> **Exercise prompt**:
Every line containing the word "exfalso" must be pulled from the records.

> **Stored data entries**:
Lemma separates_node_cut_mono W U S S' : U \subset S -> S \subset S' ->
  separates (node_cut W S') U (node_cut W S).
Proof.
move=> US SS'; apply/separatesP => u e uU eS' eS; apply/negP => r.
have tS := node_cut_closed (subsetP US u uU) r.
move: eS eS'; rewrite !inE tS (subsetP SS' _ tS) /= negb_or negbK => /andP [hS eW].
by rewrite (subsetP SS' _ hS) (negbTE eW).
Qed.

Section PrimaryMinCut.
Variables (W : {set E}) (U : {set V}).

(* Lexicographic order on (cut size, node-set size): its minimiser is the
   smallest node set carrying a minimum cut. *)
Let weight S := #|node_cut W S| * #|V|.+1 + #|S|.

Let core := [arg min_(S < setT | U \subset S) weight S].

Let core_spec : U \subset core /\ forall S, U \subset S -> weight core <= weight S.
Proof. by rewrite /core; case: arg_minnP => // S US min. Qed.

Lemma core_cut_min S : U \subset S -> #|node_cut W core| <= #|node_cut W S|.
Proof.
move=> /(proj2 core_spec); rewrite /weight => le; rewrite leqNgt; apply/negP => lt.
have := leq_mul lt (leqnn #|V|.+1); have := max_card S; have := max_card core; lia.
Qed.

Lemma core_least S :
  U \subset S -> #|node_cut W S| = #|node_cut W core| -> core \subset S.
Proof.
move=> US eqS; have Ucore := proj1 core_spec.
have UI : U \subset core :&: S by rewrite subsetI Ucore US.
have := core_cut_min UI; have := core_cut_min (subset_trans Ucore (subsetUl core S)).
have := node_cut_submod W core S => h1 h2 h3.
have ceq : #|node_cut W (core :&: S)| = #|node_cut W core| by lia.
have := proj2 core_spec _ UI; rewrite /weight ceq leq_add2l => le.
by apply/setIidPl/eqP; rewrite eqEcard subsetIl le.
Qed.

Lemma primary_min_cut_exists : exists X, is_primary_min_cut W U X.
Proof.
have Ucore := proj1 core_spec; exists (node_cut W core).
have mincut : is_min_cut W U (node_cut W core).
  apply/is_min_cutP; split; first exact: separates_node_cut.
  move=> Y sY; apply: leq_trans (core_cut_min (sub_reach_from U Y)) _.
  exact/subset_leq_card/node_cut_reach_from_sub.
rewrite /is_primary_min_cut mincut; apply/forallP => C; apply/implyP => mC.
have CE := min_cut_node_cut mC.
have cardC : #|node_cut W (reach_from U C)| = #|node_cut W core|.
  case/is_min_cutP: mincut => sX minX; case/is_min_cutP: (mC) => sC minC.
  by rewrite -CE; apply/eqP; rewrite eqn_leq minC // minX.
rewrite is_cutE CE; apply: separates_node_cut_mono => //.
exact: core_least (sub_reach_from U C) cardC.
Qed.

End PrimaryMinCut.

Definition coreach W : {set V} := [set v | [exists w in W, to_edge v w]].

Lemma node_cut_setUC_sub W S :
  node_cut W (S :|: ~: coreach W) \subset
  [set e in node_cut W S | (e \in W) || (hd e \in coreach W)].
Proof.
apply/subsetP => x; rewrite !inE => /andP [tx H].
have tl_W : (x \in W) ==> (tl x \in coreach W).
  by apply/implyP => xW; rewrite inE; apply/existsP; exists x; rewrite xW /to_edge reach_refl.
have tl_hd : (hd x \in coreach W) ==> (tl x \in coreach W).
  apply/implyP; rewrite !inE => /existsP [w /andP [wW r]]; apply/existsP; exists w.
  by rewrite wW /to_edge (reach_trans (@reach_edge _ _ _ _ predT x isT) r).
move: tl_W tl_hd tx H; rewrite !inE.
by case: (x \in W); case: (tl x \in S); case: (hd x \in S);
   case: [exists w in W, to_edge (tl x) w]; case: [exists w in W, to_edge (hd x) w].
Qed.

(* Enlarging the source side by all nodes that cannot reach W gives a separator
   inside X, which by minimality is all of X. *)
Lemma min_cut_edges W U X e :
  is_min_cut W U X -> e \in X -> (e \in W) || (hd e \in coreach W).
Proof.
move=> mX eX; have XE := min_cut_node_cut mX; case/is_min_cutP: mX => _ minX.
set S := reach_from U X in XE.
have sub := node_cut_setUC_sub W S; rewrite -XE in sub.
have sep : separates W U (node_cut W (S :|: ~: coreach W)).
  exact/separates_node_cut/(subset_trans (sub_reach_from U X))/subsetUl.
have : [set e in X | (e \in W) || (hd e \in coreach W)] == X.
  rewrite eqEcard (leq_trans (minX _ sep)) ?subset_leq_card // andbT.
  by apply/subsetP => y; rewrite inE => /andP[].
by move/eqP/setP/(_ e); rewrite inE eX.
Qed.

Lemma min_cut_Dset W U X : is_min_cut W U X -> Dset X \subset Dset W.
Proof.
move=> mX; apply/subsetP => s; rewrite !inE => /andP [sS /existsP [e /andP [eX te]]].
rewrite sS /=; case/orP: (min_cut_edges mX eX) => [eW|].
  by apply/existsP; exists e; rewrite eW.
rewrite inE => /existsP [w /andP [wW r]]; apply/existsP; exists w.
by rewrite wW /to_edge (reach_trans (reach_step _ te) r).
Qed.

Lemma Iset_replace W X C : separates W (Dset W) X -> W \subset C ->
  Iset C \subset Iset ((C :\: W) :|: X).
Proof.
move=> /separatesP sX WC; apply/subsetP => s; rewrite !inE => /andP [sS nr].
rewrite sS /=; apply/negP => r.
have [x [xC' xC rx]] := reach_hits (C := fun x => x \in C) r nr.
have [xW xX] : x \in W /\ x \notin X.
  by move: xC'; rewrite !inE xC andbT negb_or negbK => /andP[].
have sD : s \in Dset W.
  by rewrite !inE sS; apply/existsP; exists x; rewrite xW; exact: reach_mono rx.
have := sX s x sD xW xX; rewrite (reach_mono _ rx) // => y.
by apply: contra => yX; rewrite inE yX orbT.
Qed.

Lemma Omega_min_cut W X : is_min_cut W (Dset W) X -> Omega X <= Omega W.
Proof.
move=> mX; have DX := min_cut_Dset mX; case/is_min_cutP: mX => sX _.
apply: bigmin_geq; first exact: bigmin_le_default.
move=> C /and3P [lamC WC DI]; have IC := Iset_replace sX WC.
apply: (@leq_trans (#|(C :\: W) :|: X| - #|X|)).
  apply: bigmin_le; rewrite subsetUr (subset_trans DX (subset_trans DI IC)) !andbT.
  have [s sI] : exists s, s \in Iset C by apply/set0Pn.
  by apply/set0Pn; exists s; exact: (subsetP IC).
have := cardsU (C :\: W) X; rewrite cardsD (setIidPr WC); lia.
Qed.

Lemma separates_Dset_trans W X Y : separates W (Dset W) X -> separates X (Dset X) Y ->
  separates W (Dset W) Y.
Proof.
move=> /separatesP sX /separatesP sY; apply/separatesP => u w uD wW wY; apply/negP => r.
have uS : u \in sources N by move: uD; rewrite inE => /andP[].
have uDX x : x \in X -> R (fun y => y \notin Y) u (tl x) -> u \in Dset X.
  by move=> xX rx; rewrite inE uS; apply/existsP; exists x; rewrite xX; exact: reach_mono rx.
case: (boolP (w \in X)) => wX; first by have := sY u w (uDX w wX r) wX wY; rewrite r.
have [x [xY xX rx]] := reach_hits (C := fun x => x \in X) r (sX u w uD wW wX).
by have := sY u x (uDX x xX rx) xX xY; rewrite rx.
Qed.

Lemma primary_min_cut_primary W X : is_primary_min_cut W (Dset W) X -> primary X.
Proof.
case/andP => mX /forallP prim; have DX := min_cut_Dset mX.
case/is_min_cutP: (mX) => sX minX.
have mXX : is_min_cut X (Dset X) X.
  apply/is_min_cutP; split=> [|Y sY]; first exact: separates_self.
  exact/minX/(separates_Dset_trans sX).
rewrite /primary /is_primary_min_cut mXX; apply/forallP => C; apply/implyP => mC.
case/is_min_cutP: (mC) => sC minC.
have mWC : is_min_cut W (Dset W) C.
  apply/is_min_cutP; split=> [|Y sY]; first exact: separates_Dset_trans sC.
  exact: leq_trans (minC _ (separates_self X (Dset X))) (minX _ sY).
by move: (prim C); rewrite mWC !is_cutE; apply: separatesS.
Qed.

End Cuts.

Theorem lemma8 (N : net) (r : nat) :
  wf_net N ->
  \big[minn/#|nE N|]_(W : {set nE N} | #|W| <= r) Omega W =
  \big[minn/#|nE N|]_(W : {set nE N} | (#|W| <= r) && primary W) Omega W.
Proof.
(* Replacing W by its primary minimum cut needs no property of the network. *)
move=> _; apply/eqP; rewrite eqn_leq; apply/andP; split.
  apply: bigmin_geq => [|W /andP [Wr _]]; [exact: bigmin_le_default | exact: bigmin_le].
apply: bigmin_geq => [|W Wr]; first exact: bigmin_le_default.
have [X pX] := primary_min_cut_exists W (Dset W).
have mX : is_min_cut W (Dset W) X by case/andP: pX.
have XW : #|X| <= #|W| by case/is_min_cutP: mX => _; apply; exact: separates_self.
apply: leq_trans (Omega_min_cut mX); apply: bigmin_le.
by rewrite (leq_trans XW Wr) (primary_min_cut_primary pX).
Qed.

* * *

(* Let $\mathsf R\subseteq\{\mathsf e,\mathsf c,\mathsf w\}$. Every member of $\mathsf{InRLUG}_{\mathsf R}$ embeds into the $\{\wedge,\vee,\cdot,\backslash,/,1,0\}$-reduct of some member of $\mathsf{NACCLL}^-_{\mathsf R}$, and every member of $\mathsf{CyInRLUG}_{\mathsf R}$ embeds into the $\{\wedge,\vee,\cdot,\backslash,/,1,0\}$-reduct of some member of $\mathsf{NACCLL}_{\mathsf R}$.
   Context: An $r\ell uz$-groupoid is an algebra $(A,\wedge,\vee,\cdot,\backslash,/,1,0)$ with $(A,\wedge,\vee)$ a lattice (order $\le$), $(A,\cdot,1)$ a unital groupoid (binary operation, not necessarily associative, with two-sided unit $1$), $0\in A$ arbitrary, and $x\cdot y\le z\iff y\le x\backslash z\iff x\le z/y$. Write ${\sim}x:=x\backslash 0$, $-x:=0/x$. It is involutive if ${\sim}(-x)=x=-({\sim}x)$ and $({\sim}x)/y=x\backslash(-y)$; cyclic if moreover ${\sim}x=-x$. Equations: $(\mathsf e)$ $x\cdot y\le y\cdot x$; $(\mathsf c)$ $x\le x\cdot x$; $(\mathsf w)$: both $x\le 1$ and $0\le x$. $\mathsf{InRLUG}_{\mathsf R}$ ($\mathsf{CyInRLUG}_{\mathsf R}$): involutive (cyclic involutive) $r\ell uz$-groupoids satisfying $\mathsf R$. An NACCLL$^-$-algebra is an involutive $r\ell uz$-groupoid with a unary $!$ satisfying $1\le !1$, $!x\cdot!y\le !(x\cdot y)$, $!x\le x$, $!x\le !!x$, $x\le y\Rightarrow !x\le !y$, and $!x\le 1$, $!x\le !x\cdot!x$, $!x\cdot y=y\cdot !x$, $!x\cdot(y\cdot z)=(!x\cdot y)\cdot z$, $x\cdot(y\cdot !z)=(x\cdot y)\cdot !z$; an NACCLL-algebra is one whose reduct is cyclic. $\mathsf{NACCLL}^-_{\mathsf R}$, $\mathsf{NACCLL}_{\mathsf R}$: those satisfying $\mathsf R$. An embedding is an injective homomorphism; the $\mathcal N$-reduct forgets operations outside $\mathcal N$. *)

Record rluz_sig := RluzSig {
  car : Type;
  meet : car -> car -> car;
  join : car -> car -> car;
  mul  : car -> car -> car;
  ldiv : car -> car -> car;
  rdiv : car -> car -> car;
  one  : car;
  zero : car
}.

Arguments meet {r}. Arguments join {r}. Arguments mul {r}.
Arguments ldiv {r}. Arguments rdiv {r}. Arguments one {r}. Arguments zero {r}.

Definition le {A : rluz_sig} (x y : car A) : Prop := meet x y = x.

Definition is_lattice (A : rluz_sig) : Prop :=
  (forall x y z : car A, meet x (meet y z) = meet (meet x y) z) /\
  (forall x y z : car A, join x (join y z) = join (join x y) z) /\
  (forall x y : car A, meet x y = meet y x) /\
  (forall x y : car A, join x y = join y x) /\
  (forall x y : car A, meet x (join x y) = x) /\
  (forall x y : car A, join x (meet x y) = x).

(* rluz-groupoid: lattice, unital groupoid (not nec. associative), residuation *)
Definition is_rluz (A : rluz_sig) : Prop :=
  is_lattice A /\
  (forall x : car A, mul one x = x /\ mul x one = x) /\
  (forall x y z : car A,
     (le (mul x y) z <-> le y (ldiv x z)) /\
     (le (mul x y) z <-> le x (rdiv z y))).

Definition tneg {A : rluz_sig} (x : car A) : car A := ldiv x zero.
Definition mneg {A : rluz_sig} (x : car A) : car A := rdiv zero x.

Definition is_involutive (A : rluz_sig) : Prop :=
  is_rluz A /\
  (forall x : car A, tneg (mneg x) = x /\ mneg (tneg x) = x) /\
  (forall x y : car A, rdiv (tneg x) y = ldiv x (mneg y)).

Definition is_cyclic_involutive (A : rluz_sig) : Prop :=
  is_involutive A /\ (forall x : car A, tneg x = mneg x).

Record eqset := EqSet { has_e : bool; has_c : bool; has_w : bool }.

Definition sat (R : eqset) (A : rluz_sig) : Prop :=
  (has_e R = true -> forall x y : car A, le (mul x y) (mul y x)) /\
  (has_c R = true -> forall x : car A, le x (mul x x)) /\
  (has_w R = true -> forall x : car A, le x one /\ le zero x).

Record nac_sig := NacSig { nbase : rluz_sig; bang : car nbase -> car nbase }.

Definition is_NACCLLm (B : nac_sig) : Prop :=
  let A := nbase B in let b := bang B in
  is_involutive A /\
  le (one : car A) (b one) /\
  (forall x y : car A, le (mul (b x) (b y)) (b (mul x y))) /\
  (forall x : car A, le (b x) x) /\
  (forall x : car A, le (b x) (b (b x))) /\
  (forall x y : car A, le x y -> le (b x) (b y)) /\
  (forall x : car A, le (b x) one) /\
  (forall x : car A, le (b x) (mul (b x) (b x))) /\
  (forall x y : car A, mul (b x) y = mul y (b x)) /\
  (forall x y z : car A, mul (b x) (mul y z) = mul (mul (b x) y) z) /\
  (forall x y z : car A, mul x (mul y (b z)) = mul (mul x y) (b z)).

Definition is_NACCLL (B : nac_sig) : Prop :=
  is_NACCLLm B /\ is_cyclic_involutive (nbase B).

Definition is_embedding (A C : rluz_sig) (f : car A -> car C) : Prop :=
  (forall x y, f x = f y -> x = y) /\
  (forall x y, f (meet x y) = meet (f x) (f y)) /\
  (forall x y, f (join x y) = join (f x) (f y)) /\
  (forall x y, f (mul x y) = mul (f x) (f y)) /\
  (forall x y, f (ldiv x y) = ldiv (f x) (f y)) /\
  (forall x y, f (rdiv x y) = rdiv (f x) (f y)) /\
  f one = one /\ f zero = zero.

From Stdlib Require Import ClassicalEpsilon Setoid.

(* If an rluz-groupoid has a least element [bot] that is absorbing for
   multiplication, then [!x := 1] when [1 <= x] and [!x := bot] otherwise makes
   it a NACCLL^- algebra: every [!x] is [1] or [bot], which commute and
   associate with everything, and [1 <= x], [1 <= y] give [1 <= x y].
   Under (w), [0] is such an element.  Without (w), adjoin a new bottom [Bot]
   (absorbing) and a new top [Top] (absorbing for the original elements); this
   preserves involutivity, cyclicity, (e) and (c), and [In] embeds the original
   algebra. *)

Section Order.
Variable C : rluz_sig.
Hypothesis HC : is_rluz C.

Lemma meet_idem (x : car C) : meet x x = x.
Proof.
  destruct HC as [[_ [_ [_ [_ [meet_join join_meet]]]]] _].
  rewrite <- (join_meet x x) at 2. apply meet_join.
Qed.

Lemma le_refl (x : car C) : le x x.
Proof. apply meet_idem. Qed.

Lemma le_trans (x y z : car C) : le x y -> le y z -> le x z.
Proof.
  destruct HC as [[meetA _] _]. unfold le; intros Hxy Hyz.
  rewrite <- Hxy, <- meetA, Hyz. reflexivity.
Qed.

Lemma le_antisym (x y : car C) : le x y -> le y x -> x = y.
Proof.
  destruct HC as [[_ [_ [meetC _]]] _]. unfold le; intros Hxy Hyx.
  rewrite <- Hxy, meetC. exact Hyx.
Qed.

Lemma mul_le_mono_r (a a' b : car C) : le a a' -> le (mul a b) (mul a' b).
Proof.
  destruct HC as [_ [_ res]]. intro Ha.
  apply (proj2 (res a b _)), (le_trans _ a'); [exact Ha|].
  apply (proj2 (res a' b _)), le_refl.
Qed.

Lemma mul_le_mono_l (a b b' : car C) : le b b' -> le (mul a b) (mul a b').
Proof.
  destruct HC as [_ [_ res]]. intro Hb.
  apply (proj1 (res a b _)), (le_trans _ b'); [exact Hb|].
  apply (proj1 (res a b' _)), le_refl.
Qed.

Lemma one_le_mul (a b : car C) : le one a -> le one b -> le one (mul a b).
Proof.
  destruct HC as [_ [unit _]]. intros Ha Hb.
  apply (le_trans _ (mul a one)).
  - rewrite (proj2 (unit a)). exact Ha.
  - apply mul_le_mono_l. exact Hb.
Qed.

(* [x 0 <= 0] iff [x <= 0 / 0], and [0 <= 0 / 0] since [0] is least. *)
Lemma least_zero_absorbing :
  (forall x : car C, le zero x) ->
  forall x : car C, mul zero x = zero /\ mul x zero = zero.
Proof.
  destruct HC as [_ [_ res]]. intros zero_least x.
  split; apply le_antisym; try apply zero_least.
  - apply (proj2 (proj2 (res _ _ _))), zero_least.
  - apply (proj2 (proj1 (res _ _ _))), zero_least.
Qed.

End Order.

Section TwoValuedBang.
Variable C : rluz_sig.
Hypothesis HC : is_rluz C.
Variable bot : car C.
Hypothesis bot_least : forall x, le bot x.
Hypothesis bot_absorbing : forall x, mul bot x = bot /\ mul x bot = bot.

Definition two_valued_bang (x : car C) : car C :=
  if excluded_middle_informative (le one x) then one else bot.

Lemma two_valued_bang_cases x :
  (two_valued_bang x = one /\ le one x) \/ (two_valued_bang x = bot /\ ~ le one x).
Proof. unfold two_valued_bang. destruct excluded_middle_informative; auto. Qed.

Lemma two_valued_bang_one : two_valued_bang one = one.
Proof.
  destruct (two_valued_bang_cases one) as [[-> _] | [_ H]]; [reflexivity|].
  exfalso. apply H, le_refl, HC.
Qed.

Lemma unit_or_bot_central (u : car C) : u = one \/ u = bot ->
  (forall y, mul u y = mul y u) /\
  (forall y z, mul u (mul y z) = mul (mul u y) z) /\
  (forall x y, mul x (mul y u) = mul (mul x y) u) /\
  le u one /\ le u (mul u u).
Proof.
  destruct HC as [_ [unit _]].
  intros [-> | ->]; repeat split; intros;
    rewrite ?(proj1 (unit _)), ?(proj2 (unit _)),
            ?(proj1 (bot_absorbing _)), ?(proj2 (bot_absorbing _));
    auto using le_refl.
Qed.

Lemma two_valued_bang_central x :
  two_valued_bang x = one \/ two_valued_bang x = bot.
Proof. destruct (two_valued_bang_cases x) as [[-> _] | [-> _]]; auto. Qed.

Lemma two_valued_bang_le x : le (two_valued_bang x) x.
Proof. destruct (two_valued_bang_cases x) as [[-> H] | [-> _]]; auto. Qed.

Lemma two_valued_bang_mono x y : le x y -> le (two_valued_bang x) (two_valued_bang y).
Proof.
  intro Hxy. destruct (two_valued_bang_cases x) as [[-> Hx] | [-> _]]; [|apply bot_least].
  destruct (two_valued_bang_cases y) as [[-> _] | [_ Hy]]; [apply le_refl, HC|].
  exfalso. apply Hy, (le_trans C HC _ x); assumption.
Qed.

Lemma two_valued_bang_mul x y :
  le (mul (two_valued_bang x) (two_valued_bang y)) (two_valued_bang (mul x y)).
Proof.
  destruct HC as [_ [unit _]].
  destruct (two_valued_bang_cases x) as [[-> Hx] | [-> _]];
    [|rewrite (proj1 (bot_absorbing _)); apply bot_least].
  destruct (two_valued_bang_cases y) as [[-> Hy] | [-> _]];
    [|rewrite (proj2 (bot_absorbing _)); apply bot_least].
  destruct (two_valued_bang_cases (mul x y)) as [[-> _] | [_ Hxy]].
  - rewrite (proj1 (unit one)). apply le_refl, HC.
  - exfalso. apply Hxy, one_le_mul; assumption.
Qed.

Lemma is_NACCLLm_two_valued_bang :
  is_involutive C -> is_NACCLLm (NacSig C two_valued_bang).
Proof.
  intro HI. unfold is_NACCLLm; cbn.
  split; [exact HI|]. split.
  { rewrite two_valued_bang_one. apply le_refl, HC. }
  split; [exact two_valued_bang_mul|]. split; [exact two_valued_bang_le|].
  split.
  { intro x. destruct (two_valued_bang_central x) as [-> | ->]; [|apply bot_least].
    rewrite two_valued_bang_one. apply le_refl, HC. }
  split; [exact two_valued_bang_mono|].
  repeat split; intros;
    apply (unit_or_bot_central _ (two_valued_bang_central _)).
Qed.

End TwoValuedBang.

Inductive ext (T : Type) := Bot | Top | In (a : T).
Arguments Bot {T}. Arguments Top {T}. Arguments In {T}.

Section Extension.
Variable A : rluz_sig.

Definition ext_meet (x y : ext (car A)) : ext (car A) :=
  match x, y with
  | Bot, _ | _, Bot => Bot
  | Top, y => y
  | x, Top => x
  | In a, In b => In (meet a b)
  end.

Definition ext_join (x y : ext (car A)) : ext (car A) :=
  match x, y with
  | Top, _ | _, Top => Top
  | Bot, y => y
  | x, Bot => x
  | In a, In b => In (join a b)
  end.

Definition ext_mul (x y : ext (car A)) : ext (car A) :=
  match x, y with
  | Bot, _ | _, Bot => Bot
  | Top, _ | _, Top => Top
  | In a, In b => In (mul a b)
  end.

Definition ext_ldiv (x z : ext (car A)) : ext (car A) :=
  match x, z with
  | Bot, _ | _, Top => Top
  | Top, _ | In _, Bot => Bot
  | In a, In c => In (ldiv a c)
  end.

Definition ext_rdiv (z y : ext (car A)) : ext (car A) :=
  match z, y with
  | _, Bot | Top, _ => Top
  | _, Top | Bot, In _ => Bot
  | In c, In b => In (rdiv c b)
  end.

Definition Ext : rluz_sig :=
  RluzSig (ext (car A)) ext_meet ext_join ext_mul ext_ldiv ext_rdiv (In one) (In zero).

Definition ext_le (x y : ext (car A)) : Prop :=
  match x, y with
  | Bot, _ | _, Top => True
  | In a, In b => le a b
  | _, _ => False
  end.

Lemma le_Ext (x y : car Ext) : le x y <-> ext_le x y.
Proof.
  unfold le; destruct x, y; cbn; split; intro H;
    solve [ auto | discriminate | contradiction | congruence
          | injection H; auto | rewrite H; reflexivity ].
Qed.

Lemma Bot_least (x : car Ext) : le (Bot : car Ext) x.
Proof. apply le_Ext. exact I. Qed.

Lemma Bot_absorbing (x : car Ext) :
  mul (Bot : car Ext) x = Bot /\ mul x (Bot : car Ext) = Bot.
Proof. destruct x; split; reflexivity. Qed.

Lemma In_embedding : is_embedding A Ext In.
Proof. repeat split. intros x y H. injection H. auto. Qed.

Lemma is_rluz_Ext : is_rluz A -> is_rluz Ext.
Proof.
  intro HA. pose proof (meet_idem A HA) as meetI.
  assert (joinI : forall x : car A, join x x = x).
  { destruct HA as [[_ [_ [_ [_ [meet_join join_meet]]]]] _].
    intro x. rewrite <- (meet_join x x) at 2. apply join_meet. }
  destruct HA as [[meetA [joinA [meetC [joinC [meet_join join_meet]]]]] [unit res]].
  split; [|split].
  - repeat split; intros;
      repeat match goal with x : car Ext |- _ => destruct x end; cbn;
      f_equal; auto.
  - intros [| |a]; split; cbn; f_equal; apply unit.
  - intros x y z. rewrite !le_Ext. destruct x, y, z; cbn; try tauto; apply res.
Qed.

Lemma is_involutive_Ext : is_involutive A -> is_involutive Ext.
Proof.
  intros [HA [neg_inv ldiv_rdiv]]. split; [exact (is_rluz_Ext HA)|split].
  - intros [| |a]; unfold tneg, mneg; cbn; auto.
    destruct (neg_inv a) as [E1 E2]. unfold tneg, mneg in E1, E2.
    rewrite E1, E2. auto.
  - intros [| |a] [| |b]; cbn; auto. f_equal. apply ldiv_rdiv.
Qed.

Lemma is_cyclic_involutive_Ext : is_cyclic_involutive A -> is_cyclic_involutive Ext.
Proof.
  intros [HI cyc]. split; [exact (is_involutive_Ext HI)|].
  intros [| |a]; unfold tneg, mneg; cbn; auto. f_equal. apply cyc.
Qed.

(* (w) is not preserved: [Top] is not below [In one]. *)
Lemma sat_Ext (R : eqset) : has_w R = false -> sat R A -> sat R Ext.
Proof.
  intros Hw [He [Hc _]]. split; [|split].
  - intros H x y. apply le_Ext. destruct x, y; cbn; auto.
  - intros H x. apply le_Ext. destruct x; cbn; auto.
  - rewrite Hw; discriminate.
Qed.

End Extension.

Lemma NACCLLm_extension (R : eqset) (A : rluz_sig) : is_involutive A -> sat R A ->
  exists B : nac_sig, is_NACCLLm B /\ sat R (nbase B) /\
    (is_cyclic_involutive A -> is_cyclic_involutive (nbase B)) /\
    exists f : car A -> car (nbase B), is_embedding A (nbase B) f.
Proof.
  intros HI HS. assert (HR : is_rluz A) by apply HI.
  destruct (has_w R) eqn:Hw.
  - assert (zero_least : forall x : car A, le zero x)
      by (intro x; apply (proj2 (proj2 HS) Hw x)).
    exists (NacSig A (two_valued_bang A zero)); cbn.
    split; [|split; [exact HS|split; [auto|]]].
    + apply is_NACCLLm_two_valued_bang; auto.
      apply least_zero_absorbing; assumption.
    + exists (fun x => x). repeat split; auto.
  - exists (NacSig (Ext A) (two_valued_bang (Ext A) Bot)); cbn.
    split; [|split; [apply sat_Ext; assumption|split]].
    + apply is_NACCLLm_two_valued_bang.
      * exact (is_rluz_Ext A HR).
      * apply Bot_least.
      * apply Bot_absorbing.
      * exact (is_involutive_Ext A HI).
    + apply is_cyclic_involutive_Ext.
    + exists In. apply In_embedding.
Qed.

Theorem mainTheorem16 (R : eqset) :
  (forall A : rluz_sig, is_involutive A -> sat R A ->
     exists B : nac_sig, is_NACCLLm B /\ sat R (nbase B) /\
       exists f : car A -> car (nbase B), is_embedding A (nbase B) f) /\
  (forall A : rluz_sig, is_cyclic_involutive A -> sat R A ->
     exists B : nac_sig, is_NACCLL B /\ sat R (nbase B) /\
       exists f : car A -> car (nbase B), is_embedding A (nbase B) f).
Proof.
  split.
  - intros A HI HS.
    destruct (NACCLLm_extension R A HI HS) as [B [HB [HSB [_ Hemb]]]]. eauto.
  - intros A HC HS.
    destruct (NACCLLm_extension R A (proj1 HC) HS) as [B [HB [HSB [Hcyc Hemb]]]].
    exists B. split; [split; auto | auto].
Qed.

> **Answer section**:
  exfalso. apply H, le_refl, HC.
  exfalso. apply Hy, (le_trans C HC _ x); assumption.
  - exfalso. apply Hxy, one_le_mul; assumption.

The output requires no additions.